• **Input records**
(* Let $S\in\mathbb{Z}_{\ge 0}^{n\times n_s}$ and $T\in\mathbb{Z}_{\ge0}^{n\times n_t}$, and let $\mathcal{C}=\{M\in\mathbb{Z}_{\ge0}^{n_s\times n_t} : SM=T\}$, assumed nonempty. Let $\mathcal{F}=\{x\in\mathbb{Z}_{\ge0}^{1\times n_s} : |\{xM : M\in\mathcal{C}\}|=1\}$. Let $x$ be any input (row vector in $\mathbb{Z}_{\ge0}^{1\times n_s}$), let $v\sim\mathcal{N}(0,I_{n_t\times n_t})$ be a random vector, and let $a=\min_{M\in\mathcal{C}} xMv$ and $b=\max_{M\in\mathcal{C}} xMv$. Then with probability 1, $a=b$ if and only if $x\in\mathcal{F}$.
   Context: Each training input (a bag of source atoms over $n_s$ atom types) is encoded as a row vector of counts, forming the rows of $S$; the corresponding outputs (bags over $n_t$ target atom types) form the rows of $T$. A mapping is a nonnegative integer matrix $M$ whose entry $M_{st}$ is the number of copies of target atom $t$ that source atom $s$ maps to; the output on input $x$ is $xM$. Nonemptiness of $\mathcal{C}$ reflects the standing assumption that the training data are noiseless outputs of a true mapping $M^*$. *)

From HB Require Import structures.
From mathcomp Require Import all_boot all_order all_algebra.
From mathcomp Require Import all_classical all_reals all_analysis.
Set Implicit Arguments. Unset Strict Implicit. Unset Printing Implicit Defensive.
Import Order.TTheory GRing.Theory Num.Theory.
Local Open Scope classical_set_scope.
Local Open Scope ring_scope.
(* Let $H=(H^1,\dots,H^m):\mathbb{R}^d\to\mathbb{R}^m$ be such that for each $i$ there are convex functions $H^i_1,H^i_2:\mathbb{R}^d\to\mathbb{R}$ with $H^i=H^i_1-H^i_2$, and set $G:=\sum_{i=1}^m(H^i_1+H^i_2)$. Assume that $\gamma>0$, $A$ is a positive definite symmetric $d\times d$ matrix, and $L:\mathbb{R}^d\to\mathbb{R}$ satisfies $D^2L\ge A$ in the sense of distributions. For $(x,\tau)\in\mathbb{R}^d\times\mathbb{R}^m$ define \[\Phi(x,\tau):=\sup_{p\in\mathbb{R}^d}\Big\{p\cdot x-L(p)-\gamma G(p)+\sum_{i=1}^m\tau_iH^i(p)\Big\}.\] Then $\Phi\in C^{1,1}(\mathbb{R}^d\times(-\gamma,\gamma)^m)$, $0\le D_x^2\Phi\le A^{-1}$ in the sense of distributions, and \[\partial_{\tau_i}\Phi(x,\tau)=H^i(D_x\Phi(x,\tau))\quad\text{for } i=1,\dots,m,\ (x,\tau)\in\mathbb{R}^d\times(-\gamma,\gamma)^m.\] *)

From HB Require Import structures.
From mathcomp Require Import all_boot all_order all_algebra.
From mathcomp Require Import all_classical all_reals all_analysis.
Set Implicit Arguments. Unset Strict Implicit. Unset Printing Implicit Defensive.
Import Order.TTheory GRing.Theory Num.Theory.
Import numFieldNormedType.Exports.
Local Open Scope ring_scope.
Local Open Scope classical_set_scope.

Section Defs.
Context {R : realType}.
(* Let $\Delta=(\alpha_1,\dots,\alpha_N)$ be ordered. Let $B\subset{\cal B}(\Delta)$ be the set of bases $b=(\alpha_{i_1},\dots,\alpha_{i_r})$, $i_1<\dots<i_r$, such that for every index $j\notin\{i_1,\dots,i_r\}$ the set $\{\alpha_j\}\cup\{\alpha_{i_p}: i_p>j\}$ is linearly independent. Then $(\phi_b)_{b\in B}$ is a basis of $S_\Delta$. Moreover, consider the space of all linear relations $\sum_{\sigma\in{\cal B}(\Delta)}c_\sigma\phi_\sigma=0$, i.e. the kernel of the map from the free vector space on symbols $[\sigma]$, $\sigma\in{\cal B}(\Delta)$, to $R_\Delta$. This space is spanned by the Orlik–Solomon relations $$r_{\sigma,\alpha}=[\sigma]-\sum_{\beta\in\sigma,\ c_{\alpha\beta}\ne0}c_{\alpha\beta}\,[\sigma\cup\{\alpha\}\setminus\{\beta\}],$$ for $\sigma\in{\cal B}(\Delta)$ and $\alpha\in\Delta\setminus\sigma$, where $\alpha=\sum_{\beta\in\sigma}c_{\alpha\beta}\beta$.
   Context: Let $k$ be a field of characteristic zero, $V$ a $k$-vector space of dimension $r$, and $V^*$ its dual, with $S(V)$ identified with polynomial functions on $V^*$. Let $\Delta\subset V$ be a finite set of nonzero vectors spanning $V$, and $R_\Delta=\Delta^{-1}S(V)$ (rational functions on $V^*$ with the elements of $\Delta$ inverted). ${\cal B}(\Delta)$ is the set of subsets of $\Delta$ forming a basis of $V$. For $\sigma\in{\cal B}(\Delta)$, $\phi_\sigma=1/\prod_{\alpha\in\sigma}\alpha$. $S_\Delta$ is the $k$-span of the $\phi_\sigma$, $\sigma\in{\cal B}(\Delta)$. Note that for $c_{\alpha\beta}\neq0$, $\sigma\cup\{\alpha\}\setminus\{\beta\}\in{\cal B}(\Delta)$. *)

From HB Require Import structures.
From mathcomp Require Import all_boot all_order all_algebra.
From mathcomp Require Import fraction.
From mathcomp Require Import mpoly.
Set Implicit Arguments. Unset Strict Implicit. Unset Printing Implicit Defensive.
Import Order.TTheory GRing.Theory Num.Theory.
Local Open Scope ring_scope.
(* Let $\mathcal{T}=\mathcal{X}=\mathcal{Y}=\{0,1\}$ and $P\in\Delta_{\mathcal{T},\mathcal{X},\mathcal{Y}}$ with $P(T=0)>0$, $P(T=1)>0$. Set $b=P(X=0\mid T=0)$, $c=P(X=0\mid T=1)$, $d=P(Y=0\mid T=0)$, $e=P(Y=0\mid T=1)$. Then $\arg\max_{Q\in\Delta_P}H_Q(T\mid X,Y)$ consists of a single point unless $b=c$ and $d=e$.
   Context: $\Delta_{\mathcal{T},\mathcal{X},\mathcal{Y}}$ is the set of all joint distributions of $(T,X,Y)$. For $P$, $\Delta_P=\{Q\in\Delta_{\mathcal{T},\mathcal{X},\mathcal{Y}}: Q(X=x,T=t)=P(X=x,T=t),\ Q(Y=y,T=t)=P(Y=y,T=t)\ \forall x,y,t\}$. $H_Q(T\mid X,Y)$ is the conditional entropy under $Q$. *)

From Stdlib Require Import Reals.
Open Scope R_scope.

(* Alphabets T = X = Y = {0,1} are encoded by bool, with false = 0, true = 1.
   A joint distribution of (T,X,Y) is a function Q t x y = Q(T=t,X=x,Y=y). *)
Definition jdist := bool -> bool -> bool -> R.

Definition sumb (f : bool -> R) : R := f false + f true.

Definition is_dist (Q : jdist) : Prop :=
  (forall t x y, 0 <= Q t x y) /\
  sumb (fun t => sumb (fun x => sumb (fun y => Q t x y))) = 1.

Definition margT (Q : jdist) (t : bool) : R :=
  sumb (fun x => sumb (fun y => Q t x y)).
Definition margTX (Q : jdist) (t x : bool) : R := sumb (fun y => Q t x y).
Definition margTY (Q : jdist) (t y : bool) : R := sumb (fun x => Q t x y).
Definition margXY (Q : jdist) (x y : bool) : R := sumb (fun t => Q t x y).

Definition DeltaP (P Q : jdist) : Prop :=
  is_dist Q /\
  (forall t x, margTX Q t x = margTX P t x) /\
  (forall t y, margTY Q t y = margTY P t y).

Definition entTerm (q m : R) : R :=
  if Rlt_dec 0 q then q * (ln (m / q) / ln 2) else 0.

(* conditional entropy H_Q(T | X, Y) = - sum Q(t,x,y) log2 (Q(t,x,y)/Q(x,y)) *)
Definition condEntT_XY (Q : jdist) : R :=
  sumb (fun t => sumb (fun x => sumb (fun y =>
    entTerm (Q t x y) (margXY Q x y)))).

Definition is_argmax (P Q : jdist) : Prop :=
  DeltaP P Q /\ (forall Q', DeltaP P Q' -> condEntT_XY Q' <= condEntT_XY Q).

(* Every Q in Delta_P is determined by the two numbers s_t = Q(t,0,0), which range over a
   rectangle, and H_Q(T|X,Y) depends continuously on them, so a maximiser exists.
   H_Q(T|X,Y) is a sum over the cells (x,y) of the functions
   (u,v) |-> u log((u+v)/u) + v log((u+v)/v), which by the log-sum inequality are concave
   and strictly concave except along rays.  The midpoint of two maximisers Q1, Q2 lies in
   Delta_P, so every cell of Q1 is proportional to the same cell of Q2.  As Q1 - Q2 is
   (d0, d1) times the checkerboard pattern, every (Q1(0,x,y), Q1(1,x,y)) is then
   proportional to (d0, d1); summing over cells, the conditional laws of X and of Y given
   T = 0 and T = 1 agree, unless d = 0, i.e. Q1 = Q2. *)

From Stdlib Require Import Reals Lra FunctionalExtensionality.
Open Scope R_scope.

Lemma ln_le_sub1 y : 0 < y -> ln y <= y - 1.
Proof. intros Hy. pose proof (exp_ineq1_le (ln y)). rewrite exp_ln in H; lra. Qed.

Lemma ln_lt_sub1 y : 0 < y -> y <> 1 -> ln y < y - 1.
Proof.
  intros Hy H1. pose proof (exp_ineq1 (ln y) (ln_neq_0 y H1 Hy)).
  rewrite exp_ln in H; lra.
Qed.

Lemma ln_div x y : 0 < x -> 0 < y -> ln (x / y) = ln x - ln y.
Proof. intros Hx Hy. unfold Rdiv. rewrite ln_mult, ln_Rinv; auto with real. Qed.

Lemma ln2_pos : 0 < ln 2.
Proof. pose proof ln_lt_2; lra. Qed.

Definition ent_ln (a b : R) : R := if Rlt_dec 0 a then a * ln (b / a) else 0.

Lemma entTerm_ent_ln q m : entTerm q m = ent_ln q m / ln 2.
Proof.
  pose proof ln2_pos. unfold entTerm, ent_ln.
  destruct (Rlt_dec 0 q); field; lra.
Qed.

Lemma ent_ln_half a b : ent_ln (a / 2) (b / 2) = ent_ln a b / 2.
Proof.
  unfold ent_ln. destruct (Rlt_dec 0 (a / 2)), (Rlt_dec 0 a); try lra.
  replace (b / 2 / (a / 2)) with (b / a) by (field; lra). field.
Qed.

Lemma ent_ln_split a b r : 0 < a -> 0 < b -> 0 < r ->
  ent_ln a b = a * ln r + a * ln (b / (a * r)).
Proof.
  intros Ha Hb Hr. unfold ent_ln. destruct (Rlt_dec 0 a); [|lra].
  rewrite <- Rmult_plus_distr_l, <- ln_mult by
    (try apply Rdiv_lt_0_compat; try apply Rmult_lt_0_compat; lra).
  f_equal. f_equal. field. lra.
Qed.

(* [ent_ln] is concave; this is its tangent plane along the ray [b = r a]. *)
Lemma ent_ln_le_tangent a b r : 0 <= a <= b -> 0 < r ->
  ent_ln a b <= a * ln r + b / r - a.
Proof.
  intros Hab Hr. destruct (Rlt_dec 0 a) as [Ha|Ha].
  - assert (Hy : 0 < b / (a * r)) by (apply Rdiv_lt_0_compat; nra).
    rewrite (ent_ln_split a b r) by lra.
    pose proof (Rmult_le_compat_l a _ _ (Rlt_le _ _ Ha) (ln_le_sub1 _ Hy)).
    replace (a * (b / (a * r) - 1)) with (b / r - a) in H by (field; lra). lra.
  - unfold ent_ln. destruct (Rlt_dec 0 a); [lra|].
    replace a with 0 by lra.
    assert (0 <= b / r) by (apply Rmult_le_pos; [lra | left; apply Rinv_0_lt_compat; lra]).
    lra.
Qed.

• **Work instruction**
From the records above, copy only the lines starting with the line that holds "replace (b /" and going on through the line that holds "intros Ha Hb", exactly as written.

• **Answer**
  replace (b / 2 / (a / 2)) with (b / a) by (field; lra). field.
Qed.

Lemma ent_ln_split a b r : 0 < a -> 0 < b -> 0 < r ->
  ent_ln a b = a * ln r + a * ln (b / (a * r)).
Proof.
  intros Ha Hb Hr. unfold ent_ln. destruct (Rlt_dec 0 a); [|lra].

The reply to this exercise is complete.